Time = 10.06 (sec) , antiderivative size = 77, normalized size of antiderivative = 0.09 \[ \int \frac {d+e x^4}{\sqrt {a+c x^8}} \, dx=\frac {\sqrt {1+\frac {c x^8}{a}} \left (5 d x \operatorname {Hypergeometric2F1}\left (\frac {1}{8},\frac {1}{2},\frac {9}{8},-\frac {c x^8}{a}\right )+e x^5 \operatorname {Hypergeometric2F1}\left (\frac {1}{2},\frac {5}{8},\frac {13}{8},-\frac {c x^8}{a}\right )\right )}{5 \sqrt {a+c x^8}} \] Input:
Integrate[(d + e*x^4)/Sqrt[a + c*x^8],x]
Output:
(Sqrt[1 + (c*x^8)/a]*(5*d*x*Hypergeometric2F1[1/8, 1/2, 9/8, -((c*x^8)/a)] + e*x^5*Hypergeometric2F1[1/2, 5/8, 13/8, -((c*x^8)/a)]))/(5*Sqrt[a + c*x ^8])

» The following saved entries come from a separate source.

(* A nonzero weight vector lies in only finitely many [(t - z)V], so a fiber
   where both [u] and [Omega_d w - p w] survive is irreducible. *)
Lemma casimir_weight_vec_eigen n u (p : {poly C}) m w :
  weight_vec H n u -> u <> 0 -> Omega_d X Y H u = p *: u ->
  weight_vec H m w -> Omega_d X Y H w = p *: w.
Proof.
move=> hu u0 Ou hw; apply: contrapT => /eqP; rewrite -subr_eq0 => /eqP e0.
have decH := gdK_weight_decomposable gdK.
have he : weight_vec H m (Omega_d X Y H w - p *: w).
  by apply: weight_vecB; [apply: Omega_d_weight | apply: weight_vecZ].
have [N1 HN1] := weight_vec_tzV_bound decH tfV adm hu u0.
have [N2 HN2] := weight_vec_tzV_bound decH tfV adm he e0.
have [f hf] := gi; have [zs [uzs szs nf]] := uncountable_seq f (N1 + N2).+1 Cunc.
pose a z := `[< tzV z u >].
have h1 : (size [seq z <- zs | a z] <= N1)%N.
  by apply: HN1 => [|z]; rewrite ?filter_uniq // mem_filter => /andP [/asboolP].
have h2 : (size [seq z <- zs | predC a z] <= N2)%N.
  apply: HN2 => [|z]; rewrite ?filter_uniq // mem_filter => /andP [/asboolPn zu zzs].
  have irr : fiber_irreducible X Y H z.
    by apply: contrapT => /hf [k fk]; apply: (nf z zzs k).
  by case: (casimir_fiber_dichotomy gdK w irr Ou).
by have := leq_add h1 h2; rewrite !size_filter count_predC szs ltnn.
Qed.

Lemma casimir_scalar n u (p : {poly C}) : weight_vec H n u -> u <> 0 ->
  Omega_d X Y H u = p *: u -> forall v, Omega_d X Y H v = p *: v.
Proof.
move=> hu u0 Ou v; have [s [-> hs]] := gdK_weight_decomposable gdK v.
rewrite linear_sum scaler_sumr; apply: eq_big_seq => q qs.
exact: (casimir_weight_vec_eigen hu u0 Ou (hs q qs)).
Qed.
Lemma le0_linear_le_quadratic (R : realFieldType) (a C delta : R) : 0 < delta ->
  (forall t, 0 < t -> t <= delta -> a * t <= C * t ^+ 2) -> a <= 0.
Proof.
move=> delta_gt0 H; rewrite leNgt; apply/negP => a_gt0.
have C1_gt0 : 0 < `|C| + 1 by rewrite ltr_pwDr.
pose t := Num.min delta (a / (2 * (`|C| + 1))).
have t_gt0 : 0 < t by rewrite lt_min delta_gt0 divr_gt0 ?mulr_gt0.
have := H t t_gt0; rewrite ge_min lexx => /(_ isT).
rewrite expr2 mulrA ler_pM2r // => a_le.
have : C * t <= a / 2.
  apply: (le_trans (ler_wpM2r (ltW t_gt0) (ler_norm C))).
  apply: (le_trans (y := (`|C| + 1) * (a / (2 * (`|C| + 1))))).
    apply: ler_pM; rewrite ?(ltW t_gt0) ?lerDl //.
    by rewrite /t ge_min lexx orbT.
  rewrite le_eqVlt; apply/orP; left; apply/eqP.
  by field; rewrite gt_eqF.
lra.
Qed.

Section coord_shift.
Variables (R : realType) (n : nat) (c : n.-tuple R).

Definition coord_shift (i : 'I_n) (t : R) : n.-tuple R :=
  [tuple tnth c j + (if j == i then t else 0) | j < n].

Lemma coord_shiftB i t j :
  tnth (coord_shift i t) j - tnth c j = if j == i then t else 0.
Proof. by rewrite tnth_mktuple addrC addKr. Qed.

Lemma coord_shift_in_cube i t : in_cube c `|t| (coord_shift i t).
Proof. by move=> j; rewrite coord_shiftB; case: ifP; rewrite ?normr0. Qed.

Lemma coord_shift_in_ball i t eps :
  `|t| < eps -> euclid_ball c eps (coord_shift i t).
Proof.
move=> t_lt; rewrite /euclid_ball /= (bigD1 i) //= coord_shiftB eqxx.
rewrite big1 ?addr0 => [|j /negbTE ji]; last by rewrite coord_shiftB ji expr0n.
by rewrite -real_normK ?num_real // ltrXn2r.
Qed.

Lemma sum_coord_shift (g : 'I_n -> R) i t :
  \sum_j g j * (tnth (coord_shift i t) j - tnth c j) = g i * t.
Proof.
rewrite (bigD1 i) //= coord_shiftB eqxx big1 ?addr0 // => j /negbTE ji.
by rewrite coord_shiftB ji mulr0.
Qed.

End coord_shift.

Lemma quadratic_taylor_local_min (R : realType) n (c : n.-tuple R) F eps :
  quadratic_taylor c F -> F c = 0 -> 0 < eps ->
  (forall x, euclid_ball c eps x -> 0 <= F x) ->
  exists D : R, 1 <= D /\
    forall r x, 0 < r -> r <= 1 -> in_cube c r x -> F x <= (D * r) ^+ 2.
Proof.
move=> [g [C [C_ge0 HF]]] Fc0 eps_gt0 F_ge0.
pose delta := Num.min 1 (eps / 2).
have delta_gt0 : 0 < delta by rewrite lt_min ltr01 divr_gt0.
have delta_le1 : delta <= 1 by rewrite ge_min lexx.
have axis_bound i t : 0 < `|t| -> `|t| <= delta -> - (g i * t) <= C * t ^+ 2.
  move=> t_gt0 t_le.
  have t_lt_eps : `|t| < eps.
    apply: (le_lt_trans t_le); rewrite /delta gt_min ltr_pdivrMr // ltr_pMr ?ltr1n //.
    by rewrite orbT.
  have := HF _ _ t_gt0 (le_trans t_le delta_le1) (coord_shift_in_cube c i t).
  rewrite real_normK ?num_real // Fc0 subr0 sum_coord_shift.
  have := F_ge0 _ (coord_shift_in_ball c i t_lt_eps).
  by move=> Fx_ge0 /ler_normlP[]; lra.
have g0 i : g i = 0.
  apply/eqP; rewrite eq_le; apply/andP; split.
    apply: (le0_linear_le_quadratic delta_gt0) => t t_gt0 t_le.
    have := axis_bound i (- t); rewrite normrN gtr0_norm // sqrrN mulrN opprK.
    exact.
  rewrite -oppr_le0; apply: (le0_linear_le_quadratic delta_gt0) => t t_gt0 t_le.
  by rewrite mulNr; apply: axis_bound; rewrite gtr0_norm.
exists (C + 1); split => [|r x r_gt0 r_le1 hx]; first by rewrite lerDr.
have := HF r x r_gt0 r_le1 hx; rewrite Fc0 subr0 big1 => [|i _]; last first.
  by rewrite g0 mul0r.
rewrite subr0 => /(le_trans (ler_norm _))/le_trans; apply.
by rewrite exprMn ler_wpM2r ?exprn_ge0 ?ltW //; nra.
Qed.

Result contains higher order function than in optimal. Order 5 vs. order 4 in optimal.
Time = 0.49 (sec) , antiderivative size = 433, normalized size of antiderivative = 0.48, number of steps used = 2, number of rules used = 2, \(\frac {\text {number of rules}}{\text {integrand size}}\) = 0.105, Rules used = {1763, 2009}
Below are the steps used by Rubi to obtain the solution. The rule number used for the transformation is given above next to the arrow. The rules definitions used are listed below.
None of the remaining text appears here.